*How to complete this task*:
Tally the lines in these records that hold the string "whence", and reply with the number alone.

*Task inputs*:
Lemma pasc_inv_run ldr j : (forall j', j' < j -> some_active j') ->
  pasc_inv j (run merging_algo X S1 S2 ldr D1 D2 j.+1).
Proof.
elim: j => [|j IH] act; first exact: setup_round_inv.
rewrite /run iterS; apply: pasc_round_inv; last exact: act.
by apply: IH => j' lt_j'; apply: act; rewrite ltnS ltnW.
Qed.

Lemma depth_lt_exp_inactive i k u : ~~ some_active i -> u \in X -> depth_of k u < 2 ^ i.
Proof.
move=> inactive uX; rewrite ltnNge; apply/negP => le_h.
have [w wX hw] := depth_ancestor (roots_sub k) (forest_spf k) uX le_h.
have Dw : pdir_of k w != None.
  by rewrite -(depth_gt0 (roots_sub k) (forest_spf k) wX) hw expn_gt0.
move/existsP: inactive; apply; exists [` wX]%fset.
by case: k {le_h} hw Dw => hw Dw; rewrite /active_at /= hw dvdnn Dw ?orbT.
Qed.

Lemma inactive_after_log : ~~ some_active (trunc_log 2 #|` X|).+1.
Proof.
apply/existsP => -[u]; apply/negP.
have inactive k : ~~ active_at (trunc_log 2 #|` X|).+1 k (val u).
  apply/andP => -[Du dvd].
  have := dvdn_leq _ dvd.
  rewrite (depth_gt0 (roots_sub k) (forest_spf k) (valP u)) => /(_ Du).
  have := depth_lt_card (roots_sub k) (forest_spf k) (valP u).
  have := trunc_log_ltn #|` X| (isT : 1 < 2); lia.
by rewrite (negbTE (inactive false)) (negbTE (inactive true)).
Qed.

End Run.
From HB Require Import structures.
From mathcomp Require Import all_boot all_order all_algebra all_fingroup.
From mathcomp Require Import all_classical all_reals all_analysis.
From mathcomp Require Import ring lra.
Set Implicit Arguments. Unset Strict Implicit. Unset Printing Implicit Defensive.
Import Order.TTheory GRing.Theory Num.Theory.
Local Open Scope ring_scope.

(* While the exam stays curved, a deviation of student i to
   effort y gives the grade c_i + (1 - 1/n) y, and never less otherwise, so
   the payoff is bounded below by the Cobb-Douglas function
   (c_i + (1 - 1/n) y)^a (1 - y)^(1-a).  By weighted AM-GM this function
   strictly increases towards its stationary point, so in a curved equilibrium
   every effort is the positive part of the stationary effort
   ((n-1) a_i - n (1 - a_i) g) / (n - a_i), g = m - xbar, which is increasing
   in a_i.  A zero effort forces the exam to be curved (otherwise the shirker
   earns nothing), whence (1); summing the positive efforts of a k-don't care
   equilibrium gives a linear equation for xbar, whence (2). *)

Section CobbDouglas.
Variable R : realType.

*Written reply*:
2